The Basics

by Jerry Sky

The basics of the Automata Theory.

Based on the book “Introduction to Automata Theory, Languages, and Computation”.

1. Alphabets
- 1.1. Examples
2. Words (Strings)
3. Languages
- 3.1. Examples
4. Problems
- 4.1. Example

1. Alphabets

An alphabet is a finite, non-empty set of symbols.

1.1. Examples

$\Sigma = \{0,1\}$
$\Sigma = \{a,b,\dots,z\}$
$\Sigma =$ [insert a set of all ASCII characters]

2. Words (Strings)

A word (string) is a finite sequence of symbols chosen from a given alphabet.

2.1. Examples

$11011$ is a word chosen from the binary alphabet $\Sigma = \{0,1\}$
$\epsilon$ is an empty word of length equal to zero (this word exists in all alphabets)

2.2. Length of a word

— the number of positions for symbols in a given word

Distinction between the expressions ‘the number of symbols’ and ‘the number of positions’:
the word $11011$ has 2 symbols, but 5 positions, meaning the word is of length 5.

2.3. Powers of an Alphabet

We can define sets of all words of a given length.

Notation: $\Sigma^k$ — all words of length $k$ with symbols chosen from $\Sigma$ .

The slight confusion about $\Sigma$ and $\Sigma^1$ : the difference is in the semantics — the former is an Alphabet whilst the latter is the set of all words of length equal to one.
However, usually the $\Sigma$ notation is used and the context tells whether it’s one or the other.

2.3.1. Notation of set of words of all lengths

$\Sigma^+ = \Sigma^1 \cup \Sigma^2 \cup \Sigma^3 \cup \dotsb$
$\Sigma^* = \Sigma^+ \cup \{\epsilon\}$

2.4. Concatenation

Let $x$ and $y$ be words of length $n$ and $m$ respectively and be defined as following:

$x = x_1x_2 \dots x_n$
$y = y_1y_2 \dots y_m$

then $xy = x_1x_2 \dots x_n y_1y_2 \dots y_m$

Also, for any word $w$ : $\epsilon w = w \epsilon = w$

3. Languages

Given an alphabet $\Sigma$ a set $L \subseteq \Sigma^*$ is a language over $\Sigma$ .

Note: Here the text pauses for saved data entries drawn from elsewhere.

Lemma srg_mu_le_deg : (exists x y, compl_rel e x y) -> (mu <= k)%N.
Proof.
move=> [x [y /andP [xy nexy]]]; rewrite -(mu_cnt xy nexy) -(deg x).
by apply: subset_leq_card; apply/subsetP => z; rewrite !inE => /andP [].
Qed.

(* With [mu = 0] the closed neighbourhood of [x] would be a union of components. *)
Lemma srg_mu_gt0 : (exists x y, compl_rel e x y) -> graph_connected e -> (0 < mu)%N.
Proof.
move=> [x [y /andP [xy nexy]]] e_conn; rewrite lt0n; apply/negP => /eqP mu0.
pose N := [pred z | (z == x) || e x z].
have N_closed : closed e N.
  suff step u w : e u w -> u \in N -> w \in N.
    by move=> u w euw; apply/idP/idP; apply: step; rewrite // e_sym.
  move=> euw; rewrite !inE => /orP [/eqP <- | exu]; first by rewrite euw orbT.
  have [//|wx /=] := eqVneq w x; apply/negPn/negP => nexw.
  have xw : x != w by rewrite eq_sym.
  have /eqP := mu_cnt xw nexw.
  by rewrite mu0 cards_eq0 => /eqP/setP/(_ u); rewrite !inE exu e_sym euw.
have := closed_connect N_closed (e_conn x y).
by rewrite !inE eqxx eq_sym (negPf xy) (negPf nexy).
Qed.

(* With [mu = k] non-adjacent vertices would have equal neighbourhoods, hence so
   would all vertices, by connectivity of the complement; adjacent ones cannot. *)
Lemma srg_mu_lt_deg : (exists x y, e x y) -> (exists x y, compl_rel e x y) ->
  graph_connected (compl_rel e) -> (mu < k)%N.
Proof.
move=> [x [y exy]] nonedge ce_conn; rewrite ltn_neqAle srg_mu_le_deg // andbT.
apply/eqP => muk.
have same_nbhd u w : compl_rel e u w -> [set t | e u t] = [set t | e w t].
  move=> /andP [uw neuw]; set C := [set z | e u z && e w z].
  have C_card : #|C| = k by rewrite mu_cnt.
  have [Cu Cw] : C \subset [set t | e u t] /\ C \subset [set t | e w t].
    by split; apply/subsetP => z; rewrite !inE => /andP [].
  have eq_u : C = [set t | e u t] by apply/eqP; rewrite eqEcard Cu deg C_card leqnn.
  have eq_w : C = [set t | e w t] by apply/eqP; rewrite eqEcard Cw deg C_card leqnn.
  by rewrite -eq_u -eq_w.
pose S := [pred z | [set t | e z t] == [set t | e x t]].
have S_closed : closed (compl_rel e) S by move=> u w /same_nbhd; rewrite !inE => ->.
have := closed_connect S_closed (ce_conn x y).
by rewrite !inE eqxx => /esym/eqP/setP/(_ y); rewrite !inE exy e_irr.
Qed.

Variable R : comNzRingType.
Local Notation A := (adjmx R e).
Local Notation J := (const_mx 1 : 'M[R]_#|T|).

A set of some selected words from all possible words over a given Alphabet.

3.1. Examples

$L = \{\epsilon, 01, 0011, 000111, \dots\}$
$L = \{10, 11, 101, 111, 1011, \dots \}$
$L = \Sigma^*$ is a language for any alphabet $\Sigma$
$L = \emptyset$ is a language over any alphabet
$\{\epsilon\}$ is a language over any alphabet

The only important constraint on what can be a language is that all alphabets are finite. Thus languages, although they can have an infinite number of strings, are restricted to consist of strings drawn from one fixed, finite alphabet.

4. Problems

In automata theory a problem is the question of deciding whether a given string is a member of some particular language. More precisely, if $\Sigma$ is an alphabet, and $L$ is a language over $\Sigma$ , them the problem $L$ is:
Given a string $w$ in $\Sigma^*$ , decide whether or not $w$ is in $L$ .

4.1. Example

Is a given number $x$ prime? can be expressed as a problem:

Is bin( $x$ ) in the language $L_p$ which consists of all prime numbers in their binary string form.